What is serverless GPU?

Serverless means that the developer should not need to configure servers. The process between the code and deployment should be as small as possible for serverless development.

Important properties for serverless are the following:

Pay-per-use

Usage of the server should be pay-per-use. This means every second or millisecond the server is used should be the billable unit. This does ideally mean that the application does not cost any money when it is not used, and that the cost grows with the usage of the application. For applications that get a higher revenue with increased use, this should be acceptable at any scale.

Scale to zero

Serverless should scale to zero cost when it is not used. In addition to not wasting money on services that are not used, this allows for flexible developer environments. It is possible to spin up a complete replica of the application for a development, test, staging or instance of the application. These instances can then be shut down or stay idle when not used, all instances being independent on one another.

Scalability

The scaling of serverless services should be done by the cloud provider. It should ideally work in the same way with zero or 1000 processes running at the same time.

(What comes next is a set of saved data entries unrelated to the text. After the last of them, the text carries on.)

Inductive red : cmd -> cmd -> Prop :=
| R_letN_p x v u s l :
    red (Cmd (ELetN x v u) s l Pos) (Cmd (subst_e [(x, v)] u) s l Pos)
| R_letN_n x v w s l :
    red (Cmd (EV (VLetN x v w)) s l Neg) (Cmd (EV (subst_v [(x, v)] w)) s l Neg)
| R_letP_p x t u s l :
    red (Cmd (ELetP x t u) s l Pos) (Cmd t (SBind x u Pos s) l Pos)
| R_letP_n x t w s l :
    red (Cmd (EV (VLetP x t w)) s l Neg) (Cmd t (SBind x (EV w) Neg s) l Pos)
| R_bind v x t e s l :
    red (Cmd (EV v) (SBind x t e s) l Pos) (Cmd (subst_e [(x, v)] t) s l e)
| R_app_p v w s l :
    red (Cmd (EApp v w) s l Pos) (Cmd (EV v) (SArg w Pos s) l Neg)
| R_app_n v w s l :
    red (Cmd (EV (VApp v w)) s l Neg) (Cmd (EV v) (SArg w Neg s) l Neg)
| R_lam x t v e s l :
    red (Cmd (EV (VLam x t)) (SArg v e s) l Neg) (Cmd (subst_e [(x, v)] t) s l e)
| R_proj_p i v s l :
    red (Cmd (EProj i v) s l Pos) (Cmd (EV v) (SProj i Pos s) l Neg)
| R_proj_n i v s l :
    red (Cmd (EV (VProj i v)) s l Neg) (Cmd (EV v) (SProj i Neg s) l Neg)
| R_with i t1 t2 e s l :
    red (Cmd (EV (VWith t1 t2)) (SProj i e s) l Neg) (Cmd (pick i t1 t2) s l e)
| R_dtens_p v w x y t s l :
    red (Cmd (EDTens (VPair v w) x y t) s l Pos)
        (Cmd (subst_e [(x, v); (y, w)] t) s l Pos)
| R_dtens_n v w x y w' s l :
    red (Cmd (EV (VDTens (VPair v w) x y w')) s l Neg)
        (Cmd (EV (subst_v [(x, v); (y, w)] w')) s l Neg)
| R_dunit_p t s l :
    red (Cmd (EDUnit VUnit t) s l Pos) (Cmd t s l Pos)
| R_dunit_n w s l :
    red (Cmd (EV (VDUnit VUnit w)) s l Neg) (Cmd (EV w) s l Neg)
| R_dsum_p i v x1 t1 x2 t2 s l :
    red (Cmd (EDSum (VInj i v) x1 t1 x2 t2) s l Pos)
        (Cmd (subst_e [(pick i x1 x2, v)] (pick i t1 t2)) s l Pos)
| R_dsum_n i v x1 w1 x2 w2 s l :
    red (Cmd (EV (VDSum (VInj i v) x1 w1 x2 w2)) s l Neg)
        (Cmd (EV (subst_v [(pick i x1 x2, v)] (pick i w1 w2))) s l Neg)
| R_new_some e s n l :
    red (Cmd (EV VNew) (SArg VUnit e s) (n :: l) Neg)
        (Cmd (EV (VInj S1 (VRes n))) s l Pos)
| R_new_none e s :
    red (Cmd (EV VNew) (SArg VUnit e s) [] Neg)
        (Cmd (EV (VInj S2 VUnit)) s [] Pos)
| R_delete n e s l :
    red (Cmd (EV VDelete) (SArg (VRes n) e s) l Neg)
        (Cmd (EV VUnit) s (n :: l) Pos).

Definition final_cmd (c : cmd) : Prop :=
  exists v l e, is_final_value v /\ c = Cmd (EV v) SNil l e.

From Stdlib Require Import List Permutation.
Import ListNotations.

(* A closed well-typed term has a rigid syntactic shape: it is not a
   variable, an eliminator at its head is applied to an introduction form
   (canonical forms), and its annotation agrees with the polarity of its
   type.  Such a term either is a final value or is the head of a redex for
   every stack; a final value facing a well-typed non-empty stack meets an
   argument, projection or binder it can consume.  The shape is invariant
   under renaming, which is all that (struct) does, so the argument is the
   same with or without that rule. *)

Definition closed_shape_v (v : value) (B : ty) : Prop :=
  match v with
  | VLetP _ _ _ | VLetN _ _ _ | VApp _ _ | VProj _ _ => pol_of B = Neg
  | VDTens v' _ _ _ => pol_of B = Neg /\ exists a b, v' = VPair a b
  | VDUnit v' _ => pol_of B = Neg /\ v' = VUnit
  | VDSum v' _ _ _ _ => pol_of B = Neg /\ exists i a, v' = VInj i a
  | VVar _ => False
  | VNew => exists C, B = TLolli TOne C
  | VDelete => exists C, B = TLolli TR C
  | VPair _ _ => exists A C, B = TTensor A C
  | VUnit => B = TOne
  | VInj _ _ => exists A C, B = TPlus A C
  | VLam _ _ => exists A C, B = TLolli A C
  | VWith _ _ => exists A C, B = TWith A C
  | VRes _ => B = TR
  end.

Definition closed_shape (t : expr) (B : ty) : Prop :=
  match t with
  | EV v => closed_shape_v v B
  | ELetP _ _ _ | ELetN _ _ _ | EApp _ _ | EProj _ _ => pol_of B = Pos
  | EDTens v _ _ _ => pol_of B = Pos /\ exists a b, v = VPair a b
  | EDUnit v _ => pol_of B = Pos /\ v = VUnit
  | EDSum v _ _ _ _ => pol_of B = Pos /\ exists i a, v = VInj i a
  end.

Lemma closed_shape_rename ρ t B :
  closed_shape t B -> closed_shape (rename_e ρ t) B.
Proof.
  destruct t as [v | | | | | | |]; [destruct v |..]; cbn; auto;
    intros [HB Hv]; split; trivial;
    (destruct Hv as (? & ? & ->) || subst); cbn; eauto.
Qed.

Ltac closed_shape_inv :=
  match goal with v : value |- _ => destruct v end; cbn;
  intros H; decompose record H; try discriminate; try contradiction; eauto.

Lemma closed_shape_tensor v A B :
  closed_shape_v v (TTensor A B) -> exists a b, v = VPair a b.
Proof. closed_shape_inv. Qed.

Lemma closed_shape_one v : closed_shape_v v TOne -> v = VUnit.
Proof. closed_shape_inv. Qed.

Lemma closed_shape_plus v A B :
  closed_shape_v v (TPlus A B) -> exists i a, v = VInj i a.
Proof. closed_shape_inv. Qed.

Lemma closed_shape_res v : closed_shape_v v TR -> exists n, v = VRes n.
Proof. closed_shape_inv. Qed.

Lemma typ_closed_shape st t B : typ st [] t B -> closed_shape t B.
Proof.
  remember [] as Γ eqn:HΓ; intros Ht; induction Ht; subst; cbn;
    repeat match goal with H : _ ++ _ = [] |- _ => apply app_eq_nil in H as [? ?] end;
    subst; try discriminate; eauto.
  { apply closed_shape_rename, IHHt.
    match goal with Hperm : Permutation _ [] |- _ =>
      apply Permutation_sym, Permutation_nil, map_eq_nil in Hperm; exact Hperm end. }
  all: split; [assumption |].
  all: match goal with IH : [] = [] -> closed_shape (EV _) _ |- _ =>
         specialize (IH eq_refl); cbn in IH end.
  all: eauto using closed_shape_tensor, closed_shape_one, closed_shape_plus.
Qed.

Lemma red_not_final c c' : red c c' -> ~ final_cmd c.
Proof. intros Hred (v & l & e & Hv & ->); inversion Hred; subst; exact Hv. Qed.

Lemma closed_shape_progress t B :
  closed_shape t B ->
  (exists v, t = EV v /\ is_final_value v) \/
  (forall s l, exists c', red (Cmd t s l (pol_of B)) c').
Proof.
  destruct t as [v | | | | | | |]; [destruct v |..]; cbn;
    try (left; eexists; split; [reflexivity | exact I]);
    intros H; try contradiction; right; intros ? ?;
    decompose record H; subst;
    match goal with HB : pol_of B = _ |- _ => rewrite HB end;
    eexists; constructor.
Qed.

Lemma final_value_progress st v s l A B :
  is_final_value v -> closed_shape_v v B -> styp st s B A -> s <> SNil ->
  exists c', red (Cmd (EV v) s l (pol_of B)) c'.
Proof.
  intros Hv Hshape Hs Hnil.
  destruct Hs as [| ? ? ? ? ? ? _ _ Hw | ? ? ? ? ? ? ? _ _ HA _ | ? ? ? ? ? ? _ _]; cbn.
  - contradiction.
  - apply typ_closed_shape in Hw.
    destruct v; cbn in Hv, Hshape; try contradiction;
      try (decompose record Hshape; discriminate).
    + destruct Hshape as [C' [= -> _]].
      apply closed_shape_one in Hw as ->; destruct l; eexists; constructor.
    + destruct Hshape as [C' [= -> _]].
      destruct (closed_shape_res _ Hw) as [n ->]; eexists; constructor.
    + eexists; constructor.
  - rewrite HA; eexists; constructor.
  - destruct v; cbn in Hv, Hshape; try contradiction;
      try (decompose record Hshape; discriminate).
    eexists; constructor.
Qed.

Theorem theorem3 (st : bool) (c : cmd) (A : ty) :
  cmd_typed st c A -> ((exists c', red c c') <-> ~ final_cmd c).
Proof.
  intros (B & Hpol & Ht & Hs); split.
  - intros [c' Hred]; exact (red_not_final _ _ Hred).
  - destruct c as [t s l e]; cbn in *; subst e; intros Hnot_final.
    pose proof (typ_closed_shape _ _ _ Ht) as Hshape.
    destruct (closed_shape_progress _ _ Hshape) as [(v & -> & Hv) | Hred];
      [| apply Hred].
    apply (final_value_progress st v s l A B Hv Hshape Hs).
    intros ->; apply Hnot_final; now exists v, l, (pol_of B).
Qed.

When the developer does not need to worry about scaling or configuring servers, it means that the developer can focus more on actually coding and solving business specific problems, rather than general configuration problems.

Serverless in AI and GPUs

Common serverless platforms such as Lambda on AWS or Cloudflare Workers work quite well for services that need a CPU and are limited in the size of the code. However, with AI, we often need GPUs and the size of the code is normally much larger than the small limits set by these cloud providers.

Several new cloud providers have appeared to solve this problem by offering GPUs that scale to zero and are billed by the second.